§ **WHAT NEEDS TO BE DONE**: While reading through the material below, copy each line that holds the word "using".

§ **PROVIDED DATA**:

(* Along its own direction the ray transform is an antiderivative, D_w X_w h = -h, while
   in any other direction it commutes with differentiation, D_v X_u h = X_u (D_v h): for
   compactly supported h the improper integral is an ordinary integral over a window that
   can be kept fixed. Hence D_u D_v L f = D_v (f.u) - D_u (f.v), which is det(v,u) curl f.
   For injectivity, the difference of two divergence-free fields with the same transform
   is also curl-free, so each of its components a is harmonic with compact support. Then
   s |-> int a a_x (s,t) dt has derivative int (a_x^2 + a_y^2)(s,t) dt >= 0 and vanishes
   outside the support, which forces grad a = 0, hence a = 0. *)

Lemma continuous_comp_pair {U : UniformSpace} (h : R * R -> R) (a b : U -> R) (x : U) :
  continuous a x -> continuous b x -> continuous h (a x, b x) ->
  continuous (fun y => h (a y, b y)) x.
Proof.
  intros Ha Hb Hh. apply (continuous_comp_2 a b (fun s t => h (s, t))); auto.
  apply (continuous_ext h); [intros [? ?]; reflexivity | exact Hh].
Qed.

Lemma continuous_affine (c d s : R) : continuous (fun t => c + t * d) s.
Proof. apply (ex_derive_continuous (V := R_NormedModule)). auto_derive. auto. Qed.

Lemma continuous_ray_comp (h : R * R -> R) (p w : R * R) (s : R) :
  (forall q, continuous h q) -> continuous (fun t => h (ray p w t)) s.
Proof. intros Hh. apply continuous_comp_pair; auto using continuous_affine. Qed.

Lemma continuous_affine2 (c d e : R) (q : R * R) :
  continuous (fun z : R * R => c + snd z * d + fst z * e) q.
Proof.
  destruct q as [x y].
  apply (continuous_plus (V := R_NormedModule) (fun z : R * R => c + snd z * d));
    [apply (continuous_plus (V := R_NormedModule)); [apply continuous_const |] |];
    apply (continuous_mult (K := R_AbsRing)); auto using continuous_fst, continuous_snd, continuous_const.
Qed.
(* Let $\Gamma$ be a finite collection of supports $\gamma\subseteq\{1,\dots,n\}$, and let $\mathcal N_\Gamma=\circ_{\gamma\in\Gamma}\mathcal N_\gamma$ be a total Pauli channel that is a composition of local Pauli channels $\mathcal N_\gamma$ with supports $\gamma\in\Gamma$, all satisfying Assumption (A). Let a stabilizer (subsystem) code with measured stabilizer subgroup $\mathcal M$ be given. Then, using the syndrome data (i.e. the syndrome expectation values $\Lambda(M)$, $M\in\mathcal M$): 1. The total channel $\mathcal N_\Gamma$ is learnable if and only if every error $e\in\overline{\mathcal E}_\Gamma$ has a syndrome that is nontrivial and distinct from the syndromes of all other errors in $\overline{\mathcal E}_\Gamma$. 2. A given individual channel $\mathcal N_\gamma$ is learnable if and only if every $e\in\mathcal E_\gamma$ produces a syndrome that is nontrivial and unique among the syndromes of all errors in $\mathcal E_\Gamma$. 3. For every nontrivial syndrome class $C\in\mathcal C^*$, the syndrome class error rate $P_C=\sum_{e\in C}p_e$ can be learned up to an $\mathcal O(\|\vec p^{(\Gamma_C)}\|^2)$ deviation, i.e. there is a quantity uniquely determined by the syndrome expectation values that differs from $P_C$ by $\mathcal O(\|\vec p^{(\Gamma_C)}\|^2)$.
   Context: $\mathcal P_n=\{I,X,Y,Z\}^{\otimes n}$ denotes the $n$-qubit Pauli operators without phases. For $A,B\in\mathcal P_n$, $[[A,B]]=1$ if $A,B$ commute and $-1$ otherwise; $\langle A,B\rangle=0$ if they commute and $1$ otherwise. A Pauli channel acts as $\rho\mapsto\sum_{e\in\mathcal P_n}P(e)e\rho e^\dagger$. For each $\gamma\in\Gamma$, the local channel $\mathcal N_\gamma$ has error distribution $P_\gamma$ on $\mathcal P_n$ with $P_\gamma(e)=0$ unless $\mathrm{supp}(e)\subseteq\gamma$; the total channel is the composition, whose error distribution $P$ is the convolution of the $P_\gamma$ over the Pauli group. Assumption (A): for every $\gamma\in\Gamma$, $P_\gamma(I)>1/2$, and $P_\gamma(e)>0$ for every non-identity $e$ with $\mathrm{supp}(e)\subseteq\gamma$. Let $\mathcal E_\gamma$ be the set of non-identity Paulis supported in $\gamma$; $\mathcal E_\Gamma$ is the disjoint union of the $\mathcal E_\gamma$ (each element $e$ remembers its channel $\gamma_e$, so the same operator from different channels gives distinct elements), and $\overline{\mathcal E}_\Gamma=\bigcup_\gamma\mathcal E_\gamma$ as a set of operators. Local error rates: $p_e=P_{\gamma_e}(e)$ for $e\in\mathcal E_\Gamma$. The code has stabilizer group $\mathcal S$ (the center of the gauge group, an abelian subgroup of $\mathcal P_n$); a codeword is stabilized by $\mathcal S$. Only a subgroup $\mathcal M\le\mathcal S$ generated by measured generators $M_1,\dots,M_m$ is measured. The experiment (prepare a codeword, apply $\mathcal N_\Gamma$, perfectly measure the generators) is repeated; the syndrome statistics are equivalently given by the syndrome expectation values $\Lambda(M)=\sum_e P(e)[[e,M]]$ for $M\in\mathcal M$. A quantity is learnable if it is uniquely determined by $(\Lambda(M))_{M\in\mathcal M}$ among all channels of this form (with the given $\Gamma$) satisfying Assumption (A). The syndrome of $e$ is $(\langle e,M\rangle)_{M\in\mathcal M}$ (equivalently its commutation with $M_1,\dots,M_m$); an error is detectable if its syndrome is nontrivial. Syndrome classes are the equivalence classes of $\mathcal E_\Gamma$ under equality of syndromes; $C_0$ is the class of trivial syndrome and $\mathcal C^*$ the set of nontrivial classes. For $C\in\mathcal C^*$, $\Gamma_C=\{\gamma\in\Gamma:\mathcal E_\gamma\cap C\ne\emptyset\}$ and $\vec p^{(\Gamma_C)}$ is the vector of error rates $p_e$ for $e\in\bigcup_{\gamma\in\Gamma_C}\mathcal E_\gamma$. *)

From HB Require Import structures.
From mathcomp Require Import all_boot all_order all_algebra.
From mathcomp Require Import reals.
Set Implicit Arguments. Unset Strict Implicit. Unset Printing Implicit Defensive.
Import Order.TTheory GRing.Theory Num.Theory.
Local Open Scope ring_scope.

Inductive pauli1 := PI | PX | PY | PZ.

Definition pauli1_enc (a : pauli1) : bool * bool :=
  match a with PI => (false, false) | PX => (true, false)
             | PY => (true, true) | PZ => (false, true) end.
Definition pauli1_dec (b : bool * bool) : pauli1 :=
  match b with (false, false) => PI | (true, false) => PX
             | (true, true) => PY | (false, true) => PZ end.
Lemma pauli1_encK : cancel pauli1_enc pauli1_dec. Proof. by case. Qed.
HB.instance Definition _ := Equality.copy pauli1 (can_type pauli1_encK).
HB.instance Definition _ := Choice.copy pauli1 (can_type pauli1_encK).
HB.instance Definition _ := Countable.copy pauli1 (can_type pauli1_encK).
HB.instance Definition _ := Finite.copy pauli1 (can_type pauli1_encK).

(** product of single-qubit Paulis, phases dropped *)
Definition mul1 (a b : pauli1) : pauli1 :=
  match a, b with
  | PI, x | x, PI => x
  | PX, PX | PY, PY | PZ, PZ => PI
  | PX, PY | PY, PX => PZ
  | PY, PZ | PZ, PY => PX
  | PZ, PX | PX, PZ => PY
  end.

Definition anti1 (a b : pauli1) : bool := [&& a != PI, b != PI & a != b].

Definition pauli (n : nat) := {ffun 'I_n -> pauli1}.

Definition pid (n : nat) : pauli n := [ffun => PI].
Definition pmul (n : nat) (a b : pauli n) : pauli n := [ffun i => mul1 (a i) (b i)].
Definition supp (n : nat) (e : pauli n) : {set 'I_n} := [set i | e i != PI].

Definition anticomm (n : nat) (a b : pauli n) : bool :=
  odd #|[set i | anti1 (a i) (b i)]|.
Definition commsign {R : nzRingType} (n : nat) (a b : pauli n) : R :=
  if anticomm a b then -1 else 1.

Definition pdist (R : nzRingType) (n : nat) := {ffun pauli n -> R}.

Definition conv (R : nzRingType) (n : nat) (p q : pdist R n) : pdist R n :=
  [ffun e => \sum_(a : pauli n) p a * q (pmul a e)].
Definition dirac_id (R : nzRingType) (n : nat) : pdist R n :=
  [ffun e => if e == pid n then 1 else 0].

(** A local Pauli channel with support gamma satisfying Assumption (A) *)
Definition valid_local (R : realType) (n : nat) (gamma : {set 'I_n})
    (p : pdist R n) : Prop :=
  [/\ (forall e, 0 <= p e),
      \sum_e p e = 1,
      (forall e, ~~ (supp e \subset gamma) -> p e = 0),
      p (pid n) > 1 / 2 &
      (forall e, e != pid n -> supp e \subset gamma -> 0 < p e)].

Definition valid_family (R : realType) (n : nat) (Gamma : {set {set 'I_n}})
    (P : {set 'I_n} -> pdist R n) : Prop :=
  forall gamma, gamma \in Gamma -> valid_local gamma (P gamma).

Definition total_dist (R : nzRingType) (n : nat) (Gamma : {set {set 'I_n}})
    (P : {set 'I_n} -> pdist R n) : pdist R n :=
  \big[@conv R n/dirac_id R n]_(gamma in Gamma) P gamma.

(** the element M_S = prod_{i in S} M_i of the measured group; every element
    of M is of this form *)
Definition mgen (n m : nat) (gens : 'I_m -> pauli n) (S : {set 'I_m}) : pauli n :=
  \big[@pmul n/pid n]_(i in S) gens i.

Definition Lambda (R : nzRingType) (n : nat) (P : pdist R n) (M : pauli n) : R :=
  \sum_e P e * commsign e M.

Definition syndrome_data (R : nzRingType) (n m : nat) (gens : 'I_m -> pauli n)
    (Gamma : {set {set 'I_n}}) (P : {set 'I_n} -> pdist R n)
    : {ffun {set 'I_m} -> R} :=
  [ffun S => Lambda (total_dist Gamma P) (mgen gens S)].

Definition learnable (R : realType) (T : Type) (n m : nat) (gens : 'I_m -> pauli n)
    (Gamma : {set {set 'I_n}}) (Q : ({set 'I_n} -> pdist R n) -> T) : Prop :=
  forall P P', valid_family Gamma P -> valid_family Gamma P' ->
    syndrome_data gens Gamma P = syndrome_data gens Gamma P' -> Q P = Q P'.

Definition syndrome (n m : nat) (gens : 'I_m -> pauli n) (e : pauli n)
    : {ffun 'I_m -> bool} := [ffun i => anticomm e (gens i)].
Definition trivial_syndrome (m : nat) : {ffun 'I_m -> bool} := [ffun => false].

Definition in_Egamma (n : nat) (gamma : {set 'I_n}) (e : pauli n) : bool :=
  (e != pid n) && (supp e \subset gamma).
Definition in_Ebar (n : nat) (Gamma : {set {set 'I_n}}) (e : pauli n) : bool :=
  [exists gamma in Gamma, in_Egamma gamma e].

(** Syndrome class C_s of E_Gamma with syndrome s: the pairs (gamma, e) with
    gamma in Gamma, e in E_gamma, syndrome e = s. *)
Definition GammaC (n m : nat) (gens : 'I_m -> pauli n) (Gamma : {set {set 'I_n}})
    (s : {ffun 'I_m -> bool}) : {set {set 'I_n}} :=
  [set gamma in Gamma | [exists e, in_Egamma gamma e && (syndrome gens e == s)]].

Definition classRate (R : nzRingType) (n m : nat) (gens : 'I_m -> pauli n)
    (Gamma : {set {set 'I_n}}) (P : {set 'I_n} -> pdist R n)
    (s : {ffun 'I_m -> bool}) : R :=
  \sum_(gamma in Gamma) \sum_(e | in_Egamma gamma e && (syndrome gens e == s)) P gamma e.

Definition normsqC (R : nzRingType) (n m : nat) (gens : 'I_m -> pauli n)
    (Gamma : {set {set 'I_n}}) (P : {set 'I_n} -> pdist R n)
    (s : {ffun 'I_m -> bool}) : R :=
  \sum_(gamma in GammaC gens Gamma s) \sum_(e | in_Egamma gamma e) (P gamma e) ^+ 2.

(* The syndrome expectation values are the Fourier transform [Lambda] of the
   error distribution, sampled on the measured group, and convolution of channels
   becomes the pointwise product of their transforms. Under Assumption (A) every
   local [Lambda] is positive, so [ln Lambda] of the total channel is the sum of
   the local ones: its Fourier coefficients are sums of local "logarithmic
   coefficients", each supported in its own channel. Fourier inversion over the
   measured group shows that the data determine exactly the sums of these
   coefficients over the errors of a given syndrome. With unique syndromes every
   coefficient is read off, and the coefficients determine the channels. When two
   errors share a syndrome, moving weight between them inside one channel, or
   multiplying the [Lambda]s of two channels by mutually inverse factors that
   agree on the measured group, changes the channels but not the data. Finally a
   logarithmic coefficient differs from the error rate by O(r^2), r the
   non-identity rate of its channel, and r^2 <= #|P_n| * sum p_e^2 by
   Cauchy-Schwarz. *)

From HB Require Import structures.
From mathcomp Require Import all_boot all_order all_algebra.
From mathcomp Require Import reals exp.
From mathcomp Require Import ring lra.
Import Order.TTheory GRing.Theory Num.Theory.
Local Open Scope ring_scope.
Set Implicit Arguments. Unset Strict Implicit. Unset Printing Implicit Defensive.
Lemma chi_by_trace b D :
  chi b D = \sum_k #|[set x in D | Tr (b * x) == k]|%:R * zpow k.
Proof.
rewrite /chi (partition_big (fun x => Tr (b * x)) predT) //=; apply: eq_bigr => k _.
rewrite (eq_bigr (fun=> zpow k)) => [|x /andP[_ /eqP ->] //].
rewrite (eq_bigl (fun x => x \in [set x in D | Tr (b * x) == k])) => [|x].
  by rewrite sumr_const mulr_natl.
by rewrite !inE.
Qed.

Definition scale_stable (D : {set F}) :=
  forall a x, a != 0 -> (emb a * x \in D) = (x \in D).

Lemma scale_stableP D :
  scale_stable D <-> forall a, a != 0 -> scaleset a D = D.
Proof.
split=> [D_stable a a_neq0 | D_fixed a x a_neq0].
  apply/setP => y; apply/imsetP/idP => [[x x_in_D ->] | y_in_D].
    by rewrite D_stable.
  exists ((emb a)^-1 * y); last by rewrite mulVKf ?(emb_neq0 charF).
  by rewrite -(D_stable a _ a_neq0) mulVKf ?(emb_neq0 charF).
rewrite -{1}(D_fixed a a_neq0) /scaleset mem_imset //.
exact/mulfI/(emb_neq0 charF).
Qed.

Lemma scale_stable_card_Tr D b k : scale_stable D -> k != 0 ->
  #|[set x in D | Tr (b * x) == k]| = #|[set x in D | Tr (b * x) == 1]|.
Proof.
move=> D_stable k_neq0; rewrite -(card_preimset _ (mulfI (emb_neq0 charF k_neq0))).
apply: eq_card => x; rewrite !inE D_stable // mulrCA TrZ //.
by rewrite -{2}[k]mulr1 (inj_eq (mulfI k_neq0)).
Qed.
Lemma threshold_lt tau : valid_thresholds tau -> forall i j, (i < j)%nat ->
  (j < length tau)%nat -> nth i tau 0 < nth j tau 0.
Proof.
  intros [_ [_ Hinc]] i j Hij; induction Hij as [|j Hij IH]; intros Hj.
  - apply Hinc; lia.
  - pose proof (Hinc j Hj). assert (nth i tau 0 < nth j tau 0) by (apply IH; lia).
    lra.
Qed.

Lemma threshold_le tau : valid_thresholds tau -> forall i j, (i <= j)%nat ->
  (j < length tau)%nat -> nth i tau 0 <= nth j tau 0.
Proof.
  intros Hv i j Hij Hj. destruct (Nat.eq_dec i j) as [->|Hne]; [lra|].
  left; apply threshold_lt; auto; lia.
Qed.

Lemma threshold_ge1 tau : valid_thresholds tau -> forall i,
  (i < length tau)%nat -> 1 <= nth i tau 0.
Proof.
  intros Hv i Hi. pose proof (threshold_le tau Hv 0 i ltac:(lia) Hi).
  destruct Hv as [_ [H1 _]]; lra.
Qed.

Lemma level_ok_reversed tau l p q : q < p -> level_ok tau l p q = false.
Proof.
  intros H; unfold level_ok, Rleb; destruct (Rle_dec p q); [lra|reflexivity].
Qed.

Lemma level_ok_below tau l p q : q < nth l tau 0 * p -> level_ok tau l p q = false.
Proof.
  intros H; unfold level_ok, Rleb at 2.
  destruct (Rle_dec (nth l tau 0 * p) q); [lra|].
  now destruct (Rleb p q).
Qed.

Lemma level_ok_congr tau l p q p' q' : p <= q -> p' <= q' ->
  (l < length tau)%nat ->
  (forall j, (j < length tau)%nat ->
     (nth j tau 0 * p <= q <-> nth j tau 0 * p' <= q')) ->
  level_ok tau l p q = level_ok tau l p' q'.
Proof.
  intros Hpq Hpq' Hl Hsame. unfold level_ok, Rleb, Rltb.
  destruct (Rle_dec p q); [|lra]. destruct (Rle_dec p' q'); [|lra].
  pose proof (Hsame l Hl) as [Hlo Hlo'].
  destruct (Rle_dec (nth l tau 0 * p) q) as [A|A];
  destruct (Rle_dec (nth l tau 0 * p') q') as [B|B];
    try (exfalso; tauto); [|reflexivity].
  simpl. destruct (Nat.ltb (S l) (length tau)) eqn:E; [|reflexivity].
  apply Nat.ltb_lt in E. pose proof (Hsame (S l) E) as [Hhi Hhi'].
  destruct (Rlt_dec q (nth (S l) tau 0 * p)) as [C|C];
  destruct (Rlt_dec q' (nth (S l) tau 0 * p')) as [F|F]; try reflexivity; exfalso.
  - apply Rnot_lt_le in F; apply Hhi' in F; lra.
  - apply Rnot_lt_le in C; apply Hhi in C; lra.
Qed.

Definition pair_info (tau : list R) (p q : R) : list bool * list bool :=
  (map (fun l => level_ok tau l p q) (seq 0 (length tau)),
   map (fun l => level_ok tau l q p) (seq 0 (length tau))).

Lemma pair_info_ext tau p q p' q' :
  (forall l, (l < length tau)%nat -> level_ok tau l p q = level_ok tau l p' q') ->
  (forall l, (l < length tau)%nat -> level_ok tau l q p = level_ok tau l q' p') ->
  pair_info tau p q = pair_info tau p' q'.
Proof.
  intros H1 H2; unfold pair_info; f_equal; apply map_ext_in; intros l Hl;
    apply in_seq in Hl; [apply H1 | apply H2]; lia.
Qed.

Lemma pair_info_prefer_P tau p q p' q' : p < q -> p' < q' ->
  (forall j, (j < length tau)%nat ->
     (nth j tau 0 * p <= q <-> nth j tau 0 * p' <= q')) ->
  pair_info tau p q = pair_info tau p' q'.
Proof.
  intros Hpq Hpq' Hsame; apply pair_info_ext; intros l Hl.
  - apply level_ok_congr; auto; lra.
  - rewrite !level_ok_reversed; auto.
Qed.

Lemma pair_info_prefer_Q tau p q p' q' : q < p -> q' < p' ->
  (forall j, (j < length tau)%nat ->
     (nth j tau 0 * q <= p <-> nth j tau 0 * q' <= p')) ->
  pair_info tau p q = pair_info tau p' q'.
Proof.
  intros Hqp Hqp' Hsame; apply pair_info_ext; intros l Hl.
  - rewrite !level_ok_reversed; auto.
  - apply level_ok_congr; auto; lra.
Qed.

Lemma pair_info_weak tau p q p' q' : valid_thresholds tau ->
  0 <= p -> 0 <= q -> q < nth 0 tau 0 * p -> p < nth 0 tau 0 * q ->
  0 <= p' -> 0 <= q' -> q' < nth 0 tau 0 * p' -> p' < nth 0 tau 0 * q' ->
  pair_info tau p q = pair_info tau p' q'.
Proof.
  intros Hv **; apply pair_info_ext; intros l Hl;
    assert (nth 0 tau 0 <= nth l tau 0) by (apply threshold_le; auto; lia);
    rewrite !level_ok_below; auto; nra.
Qed.

Lemma line_nonneg (x y : R) : 0 <= Rabs (x - y).
Proof. apply Rabs_pos. Qed.

Lemma line_sep (x y : R) : Rabs (x - y) = 0 <-> x = y.
Proof.
  split; intro H.
  - destruct (Rcase_abs (x - y)).
    + rewrite Rabs_left in H; lra.
    + rewrite Rabs_right in H; lra.
  - subst. rewrite Rminus_diag. apply Rabs_R0.
Qed.

Lemma line_sym (x y : R) : Rabs (x - y) = Rabs (y - x).
Proof. apply Rabs_minus_sym. Qed.

Lemma line_tri (x y z : R) : Rabs (x - z) <= Rabs (x - y) + Rabs (y - z).
Proof.
  replace (x - z) with ((x - y) + (y - z)) by ring. apply Rabs_triang.
Qed.

Definition line_instance (q : R) (vs : list R) : Instance :=
  mkInstance R (fun x y => Rabs (x - y)) line_nonneg line_sep line_sym line_tri
    0 q vs.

§ **SOLUTION TO THIS PROBLEM**:
Proof. intros Hh. apply continuous_comp_pair; auto using continuous_affine. Qed.
    apply (continuous_mult (K := R_AbsRing)); auto using continuous_fst, continuous_snd, continuous_const.
(* Let $\Gamma$ be a finite collection of supports $\gamma\subseteq\{1,\dots,n\}$, and let $\mathcal N_\Gamma=\circ_{\gamma\in\Gamma}\mathcal N_\gamma$ be a total Pauli channel that is a composition of local Pauli channels $\mathcal N_\gamma$ with supports $\gamma\in\Gamma$, all satisfying Assumption (A). Let a stabilizer (subsystem) code with measured stabilizer subgroup $\mathcal M$ be given. Then, using the syndrome data (i.e. the syndrome expectation values $\Lambda(M)$, $M\in\mathcal M$): 1. The total channel $\mathcal N_\Gamma$ is learnable if and only if every error $e\in\overline{\mathcal E}_\Gamma$ has a syndrome that is nontrivial and distinct from the syndromes of all other errors in $\overline{\mathcal E}_\Gamma$. 2. A given individual channel $\mathcal N_\gamma$ is learnable if and only if every $e\in\mathcal E_\gamma$ produces a syndrome that is nontrivial and unique among the syndromes of all errors in $\mathcal E_\Gamma$. 3. For every nontrivial syndrome class $C\in\mathcal C^*$, the syndrome class error rate $P_C=\sum_{e\in C}p_e$ can be learned up to an $\mathcal O(\|\vec p^{(\Gamma_C)}\|^2)$ deviation, i.e. there is a quantity uniquely determined by the syndrome expectation values that differs from $P_C$ by $\mathcal O(\|\vec p^{(\Gamma_C)}\|^2)$.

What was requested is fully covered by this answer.